Last week, the Contessa pointed out to her unbridled horror that I hadn’t shaved prior to a black-tie American Heart Association shindig she and Jean Arnold Sessions (and a raft of other very capable people) had helped organize at the Ritz Carlton. In a pinch, I bummed a shaving kit off a porter at the Sir Francis Drake where we were staying, tipped him $20 and did a quick clean up in the mezzanine men’s room (our room was on the 11th floor and I wasn’t yet boozy enough to overcome my vertigo). I very nearly looked like a 1970s rock promoter were it not for the fact that, in my haste, I missed several spots while shaving and consequently had an archipelago of mange dotting the underside of my jowl. This I discovered while adjusting my collar while en route in the cab and feeling the grit of a three-day beard shamefully sanding my knuckles.

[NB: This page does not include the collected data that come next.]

Section FinitelyGeneratedProjective.
Variables (R : comNzRingType) (A : comAlgType R) (M : lmodType A).
Hypothesis HF : is_fgp (@memT M) (lmod_ops M).

Lemma fgp_basis : exists n (c : 'I_n -> M -> A) (e : 'I_n -> M),
  (forall i, is_Alin (c i)) /\ (forall x, x = \sum_i c i x *: e i).
Proof.
case: HF => n [s [r [_ hs hr hrs]]].
have r0 : r 0 = 0.
  by apply: addr_self_eq0; have := hr 1 0 0; rewrite scale1r addr0 /= scale1r => <-.
exists n, (fun i x => s x 0 i), (fun i => r 'e_i); split.
  by move=> i a x y; have := hs a x y I I; rewrite /= => ->; rewrite !mxE.
move=> x; rewrite -{1}(hrs x I) {1}(row_sum_delta (s x)).
apply: (big_rec2 (fun v w => r v = w)) => // i v w _ <-.
by have := hr (s x 0 i) 'e_i v.
Qed.

Lemma fgp_linf_sep v : (forall w : M -> A, is_Alin w -> w v = 0) -> v = 0.
Proof.
move=> H; case: fgp_basis => n [c [e [hc he]]].
by rewrite (he v) big1 // => i _; rewrite H ?scale0r.
Qed.

Lemma fgp_linf_inj u v : (forall w : M -> A, is_Alin w -> w u = w v) -> u = v.
Proof.
move=> H; apply/eqP; rewrite -subr_eq0; apply/eqP; apply: fgp_linf_sep => w hw.
by rewrite (linfD hw) (linfN hw) (H w hw) subrr.
Qed.

(* [T x = \sum_i c_i x * T e_i] and [c_i x * T e_i = c_i (T e_i *: x) = 0]. *)
Lemma fgp_linf_annihilator (T : M -> A) :
  is_Alin T -> (forall x y : M, T x *: y = 0) -> forall x, T x = 0.
Proof.
move=> hT H x; case: fgp_basis => n [c [e [hc he]]].
rewrite {1}(he x) (linf_sum hT) big1 // => i _.
by rewrite mulrC -(linfZ (hc i)) H (linf0 (hc i)).
Qed.
End FinitelyGeneratedProjective.

Section SemidirectModule.
Variables (R : comNzRingType) (A : comAlgType R) (M N : lmodType A).

Lemma sd_Amodule : is_Amodule (@sd_mem R A M N) (sd_ops M N).
Proof.
split.
- split.
  + exact: is_Alin0.
  + by move=> u v hu hv; apply: is_AlinD.
  + by move=> u hu; apply: is_AlinN.
  + by move=> a u hu; apply: is_AlinMl.
- by move=> [x f] [y g] [z h] _ _ _ /=; rewrite addrA; congr pair; funext; ring.
- by move=> [x f] [y g] _ _ /=; rewrite addrC; congr pair; funext; ring.
- by split=> [[x f] _ | [x f] _] /=; rewrite ?add0r ?addNr; congr pair; funext; ring.
- split.
  + by move=> a b [x f] _ /=; rewrite scalerA; congr pair; funext; ring.
  + by move=> [x f] _ /=; rewrite scale1r; congr pair; funext; ring.
  + by move=> a [x f] [y g] _ _ /=; rewrite scalerDr; congr pair; funext; ring.
  + by move=> a b [x f] _ /=; rewrite scalerDl; congr pair; funext; ring.
Qed.
End SemidirectModule.

Section SemidirectLieRinehart.
Variables (R : comNzRingType) (A : comAlgType R) (M N : lmodType A)
  (brM : M -> M -> M) (ancM : M -> A -> A) (act : M -> N -> N).
Hypothesis HM : is_LieRinehart (@memT M) (lmod_ops M) brM ancM.
Hypothesis HA : is_LRmodule (@memT M) (lmod_ops M) brM ancM (@memT N) (lmod_ops N) act.

Lemma is_Alin_dual_act x f : is_Alin f -> is_Alin (dual_act ancM act x f).
Proof.
move=> hf a n m; rewrite /dual_act (LM_actDr HA) (LM_actZr HA).
by rewrite !(linfD hf) !(linfZ hf) !(LR_ancD HM) (LR_ancM HM); ring.
Qed.

Lemma sd_LieRinehart : is_LieRinehart (@sd_mem R A M N) (sd_ops M N)
   (sd_br brM ancM act) (sd_anc ancM).
Proof.
split.
- exact: sd_Amodule.
- by move=> [x f] [y g] hf hg; apply: is_AlinB; apply: is_Alin_dual_act.
- split.
  + move=> [x f] [y g] [z h] _ _ hh; rewrite /sd_mem /= in hh.
    rewrite /sd_br /dual_act /= (LR_brDl HM) (LR_brDr HM); split; congr pair; funext;
      by rewrite (LR_ancDl HM) (LM_actDl HA) (linfD hh) !(LR_ancD HM); ring.
  + move=> r [x f] [y g] hf hg; rewrite /sd_mem /= in hf hg.
    rewrite /sd_br /dual_act /= (LR_brZl HM) (LR_brZr HM) !(LR_ancRA HM) !scale0r.
    rewrite subr0 add0r; split; congr pair; funext;
      by rewrite (LR_ancZl HM) (LM_actZl HA) ?(linfZ hf) ?(linfZ hg) (LR_ancM HM)
        (LR_ancRA HM); ring.
- split.
  + by move=> [x f] _; rewrite /sd_br /= (LR_alt HM); congr pair; funext; rewrite subrr.
  + move=> [x f] [y g] [z h] hf hg hh; rewrite /sd_mem /= in hf hg hh.
    rewrite /sd_br /dual_act /= (LR_jac HM); congr pair; funext.
    rewrite !(LR_ancbr HM) !(LM_actbr HA) !(linfD hf) !(linfD hg) !(linfD hh).
    by rewrite !(linfN hf) !(linfN hg) !(linfN hh) !(LR_ancD HM, LR_ancN HM); ring.
  + move=> [x f] _; rewrite /sd_anc /=; split.
    * exact: (LR_ancD HM).
    * exact: (LR_ancZ HM).
    * exact: (LR_ancM HM).
- split.
  + by move=> [x f] [y g] a _ _; rewrite /sd_anc /= (LR_ancDl HM).
  + by move=> b [x f] a _; rewrite /sd_anc /= (LR_ancZl HM).
  + by move=> [x f] [y g] a _ _; rewrite /sd_anc /= (LR_ancbr HM).
  + move=> [x f] [y g] a hf hg; rewrite /sd_mem /= in hf hg.
    rewrite /sd_br /sd_anc /dual_act /= (LR_brZr HM); congr pair; funext.
    by rewrite (LR_ancZl HM) (LM_actZl HA) (linfZ hf) (LR_ancM HM); ring.
Qed.
End SemidirectLieRinehart.

Section SemidirectFgp.
Variables (R : comNzRingType) (A : comAlgType R) (M N : lmodType A).
Hypothesis HFM : is_fgp (@memT M) (lmod_ops M).
Hypothesis HFN : is_fgp (@memT N) (lmod_ops N).

(* [N^* ] is a retract of [A^n2] through evaluation on, and expansion along,
   a dual basis [(c, e)] of [N]. *)
Lemma sd_fgp : is_fgp (@sd_mem R A M N) (sd_ops M N).
Proof.
case: HFM => n1 [s1 [r1 [_ hs1 hr1 hrs1]]].
case: (fgp_basis HFN) => n2 [c [e [hc he]]].
exists (n1 + n2)%N, (fun u => row_mx (s1 u.1) (\row_i u.2 (e i))).
exists (fun v => (r1 (lsubmx v), fun n => \sum_i rsubmx v 0 i * c i n)); split.
- by move=> v; apply: is_Alin_sum.
- move=> a [x f] [y g] hf hg /=.
  rewrite scale_row_mx add_row_mx; have := hs1 a x y I I; rewrite /= => ->.
  by congr row_mx; apply/rowP => i; rewrite !mxE.
- move=> a v w /=; congr pair.
  + by rewrite linearD linearZ /=; have := hr1 a (lsubmx v) (lsubmx w).
  + funext; rewrite linearD linearZ /= big_distrr -big_split /=.
    by apply: eq_bigr => i _; rewrite !mxE; ring.
- move=> [x f] hf; rewrite /sd_mem /= in hf *.
  rewrite row_mxKl row_mxKr hrs1 //; congr pair.
  funext; rewrite [in RHS](he n) (linf_sum hf).
  by apply: eq_bigr => i _; rewrite mxE mulrC.
Qed.
End SemidirectFgp.

Section SemidirectPairing.
Variables (R : comNzRingType) (A : comAlgType R) (M N : lmodType A).

Definition sd_linf (f : M * (N -> A) -> A) : Prop :=
  forall a u v, sd_mem u -> sd_mem v ->
    f (madd (sd_ops M N) (mscale (sd_ops M N) a u) v) = a * f u + f v.

Lemma sd_linf_split f x phi :
  sd_linf f -> is_Alin phi -> f (x, phi) = f (x, fun _ => 0) + f (0, phi).
Proof.
move=> hf hphi; rewrite -[f (x, fun _ => 0)]mul1r.
rewrite -(hf 1 (x, fun _ => 0) (0, phi) is_Alin0 hphi) /=.
by rewrite scale1r addr0; congr (f (_, _)); funext; rewrite mulr0 add0r.
Qed.

Lemma sd_linf_sum f n (a : 'I_n -> A) (c : 'I_n -> N -> A) (s : seq 'I_n) :
    sd_linf f -> (forall i, is_Alin (c i)) ->
  f (0, fun x => \sum_(i <- s) a i * c i x) = \sum_(i <- s) a i * f (0, c i).
Proof.
move=> hf hc; elim: s => [|i s IH].
  rewrite big_nil (_ : (fun x => _) = fun _ => 0); last by funext; rewrite big_nil.
  apply: addr_self_eq0.
  rewrite -{1}[f _]mul1r -(hf 1 (0, fun _ => 0) (0, fun _ => 0) is_Alin0 is_Alin0) /=.
  by rewrite scaler0 addr0; congr (f (_, _)); funext; rewrite mulr0 addr0.
rewrite big_cons -IH -(hf (a i) (0, c i) (0, _) (hc i) (is_Alin_sum a s hc)) /=.
rewrite scaler0 addr0.
by congr (f (_, _)); funext; rewrite big_cons.
Qed.

Hypothesis HFN : is_fgp (@memT N) (lmod_ops N).

(* The functional [f] is represented by [(\sum_i f (0, c i) *: e i, f (., 0))]
   for a dual basis [(c, e)] of [N]. *)
Lemma sd_pairing_dual : is_dual_pairing (@sd_mem R A M N) (sd_ops M N)
  (@sd_mem R A N M) (sd_ops N M) (@sd_pairing R A M N).
Proof.
split.
- move=> [xi psi] a [x phi] [y chi] hpsi _ _; rewrite /sd_mem /= in hpsi.
  by rewrite /sd_pairing /= hpsi; ring.
- move=> [xi psi] [eta om] a [x phi] _ _ hphi; rewrite /sd_mem /= in hphi.
  by rewrite /sd_pairing /= hphi; ring.
- move=> [xi psi] [eta om] hpsi hom H; rewrite /sd_mem /= in hpsi hom.
  congr pair; last by funext; have := H (n, fun _ => 0) is_Alin0;
    rewrite /sd_pairing /= !addr0.
  apply: (fgp_linf_inj HFN) => w hw.
  by have := H (0, w) hw; rewrite /sd_pairing /= (linf0 hpsi) (linf0 hom) !add0r.
- move=> f hf; case: (fgp_basis HFN) => n [c [e [hc he]]].
  exists (\sum_i f (0, c i) *: e i, fun x => f (x, fun _ => 0)).
    move=> a x y /=; rewrite -(hf a (x, fun _ => 0) (y, fun _ => 0) is_Alin0 is_Alin0) /=.
    by congr (f (_, _)); funext; rewrite mulr0 addr0.
  move=> [x phi] hphi; rewrite /sd_pairing /sd_mem /= in hphi *.
  rewrite (sd_linf_split x hf hphi); congr (_ + _).
  have eqphi : phi = fun x => \sum_(i <- index_enum 'I_n) phi (e i) * c i x.
    by funext; rewrite {1}(he n0) (linf_sum hphi); apply: eq_bigr => i _; ring.
  rewrite [in RHS]eqphi (sd_linf_sum _ _ hf hc) (linf_sum hphi).
  by apply: eq_bigr => i _; ring.
Qed.
End SemidirectPairing.

Section DirectSum.
Variables (R : comNzRingType) (A : comAlgType R) (L1 L2 : lmodType A).

Lemma sum_Amodule : is_Amodule (@memT (L1 * L2)) (sum_ops L1 L2).
Proof.
split.
- by [].
- by move=> [x xi] [y eta] [z zeta] _ _ _ /=; rewrite !addrA.
- by move=> [x xi] [y eta] _ _ /=; rewrite addrC [xi + _]addrC.
- by split=> [[x xi] _ | [x xi] _] /=; rewrite ?add0r ?addNr.
- split.
  + by move=> a b [x xi] _ /=; rewrite !scalerA.
  + by move=> [x xi] _ /=; rewrite !scale1r.
  + by move=> a [x xi] [y eta] _ _ /=; rewrite !scalerDr.
  + by move=> a b [x xi] _ /=; rewrite !scalerDl.
Qed.
End DirectSum.

Section TwilledBialgebra.
Variables (R : comNzRingType) (A : comAlgType R) (L1 L2 : lmodType A)
    (br1 : L1 -> L1 -> L1) (anc1 : L1 -> A -> A)
    (br2 : L2 -> L2 -> L2) (anc2 : L2 -> A -> A)
    (act1 : L1 -> L2 -> L2) (act2 : L2 -> L1 -> L1).
Hypothesis HL1 : is_LieRinehart (@memT L1) (lmod_ops L1) br1 anc1.
Hypothesis HL2 : is_LieRinehart (@memT L2) (lmod_ops L2) br2 anc2.
Hypothesis HM1 :
  is_LRmodule (@memT L1) (lmod_ops L1) br1 anc1 (@memT L2) (lmod_ops L2) act1.
Hypothesis HM2 :
  is_LRmodule (@memT L2) (lmod_ops L2) br2 anc2 (@memT L1) (lmod_ops L1) act2.
Hypothesis F1 : is_fgp (@memT L1) (lmod_ops L1).
Hypothesis F2 : is_fgp (@memT L2) (lmod_ops L2).

Local Notation memL := (@sd_mem R A L1 L2).
Local Notation memD := (@sd_mem R A L2 L1).
Local Notation brL := (sd_br br1 anc1 act1).
Local Notation ancL := (sd_anc (N:=L2) anc1).
Local Notation brD := (sd_br br2 anc2 act2).
Local Notation ancD := (sd_anc (N:=L1) anc2).
Local Notation pr := (@sd_pairing R A L1 L2).

Ltac simp_laws := rewrite ?(LR_brDl HL1, LR_brDr HL1, LR_brNl HL1, LR_brNr HL1,
  LR_br0l HL1, LR_br0r HL1, LR_brZl HL1, LR_brZr HL1, LR_alt HL1,
  LR_ancD HL1, LR_ancN HL1, LR_anc0 HL1, LR_ancM HL1, LR_ancDl HL1,
  LR_ancNl HL1, LR_anc0l HL1, LR_ancZl HL1, LR_ancbr HL1, LR_ancZ HL1, LR_anc1 HL1,
  LR_brDl HL2, LR_brDr HL2, LR_brNl HL2, LR_brNr HL2,
  LR_br0l HL2, LR_br0r HL2, LR_brZl HL2, LR_brZr HL2, LR_alt HL2,
  LR_ancD HL2, LR_ancN HL2, LR_anc0 HL2, LR_ancM HL2, LR_ancDl HL2,
  LR_ancNl HL2, LR_anc0l HL2, LR_ancZl HL2, LR_ancbr HL2, LR_ancZ HL2, LR_anc1 HL2,
  LM_actDl HM1, LM_actDr HM1, LM_actNl HM1, LM_actNr HM1, LM_act0l HM1,
  LM_act0r HM1, LM_actZl HM1, LM_actZr HM1, LM_actbr HM1,
  LM_actDl HM2, LM_actDr HM2, LM_actNl HM2, LM_actNr HM2, LM_act0l HM2,
  LM_act0r HM2, LM_actZl HM2, LM_actZr HM2, LM_actbr HM2,
  scale0r, scaler0, addr0, add0r, oppr0, subr0, sub0r, opprK).

Ltac norm := repeat (first [progress simp_laws |
   match goal with h : is_Alin ?f |- _ =>
      progress rewrite ?(linfD h, linfN h, linfZ h, linf0 h) end]).

Definition jacobiator1 x y xi : L1 :=
  act2 xi (br1 x y) - br1 x (act2 xi y) + br1 y (act2 xi x)
  + act2 (act1 x xi) y - act2 (act1 y xi) x.
Definition jacobiator2 xi eta x : L2 :=
  act1 x (br2 xi eta) - br2 xi (act1 x eta) + br2 eta (act1 x xi)
  + act1 (act2 xi x) eta - act1 (act2 eta x) xi.
Definition anchor_defect x xi a : A :=
  anc1 x (anc2 xi a) - anc2 xi (anc1 x a) + anc1 (act2 xi x) a - anc2 (act1 x xi) a.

Unlike the Sir Francis Drake, the vastly more chichi Ritz has a don’t-ask-don’t-tell policy about toiletries. I didn’t even have to ask – the kid at the front desk simply handed me a razor when I crossed the lobby – so obvious was my predicament. Shaving in my second mezzanine men’s room of the evening was a pure delight. I even made some quick edits to my sideburns just for the pure thrill of shaving with an actual blade rather than that sharpened spoon rusting away at home in the medicine cabinet. A guy in a better jacket than mine even handed me a warm towel afterward as another dressed my wounds.

The Contessa, meanwhile, was tied up working the floor so I sauntered off to the hotel bar to kill time before the gala officially kickoff. I rediscovered that champagne cocktails are the eighth through 10th wonders of the world. Their enjoyment was only slightly marred by the divorcées offering me cigarettes and commenting on my aura of mild dissipation. Damn you, Chauchat! I said to myself as I slugged the last drops of my Kir Royale. Make that the last second to last drops. The final splash, of course, found its way to the front of my un-pressed shirt. Thank God, I wasn’t wearing a tie.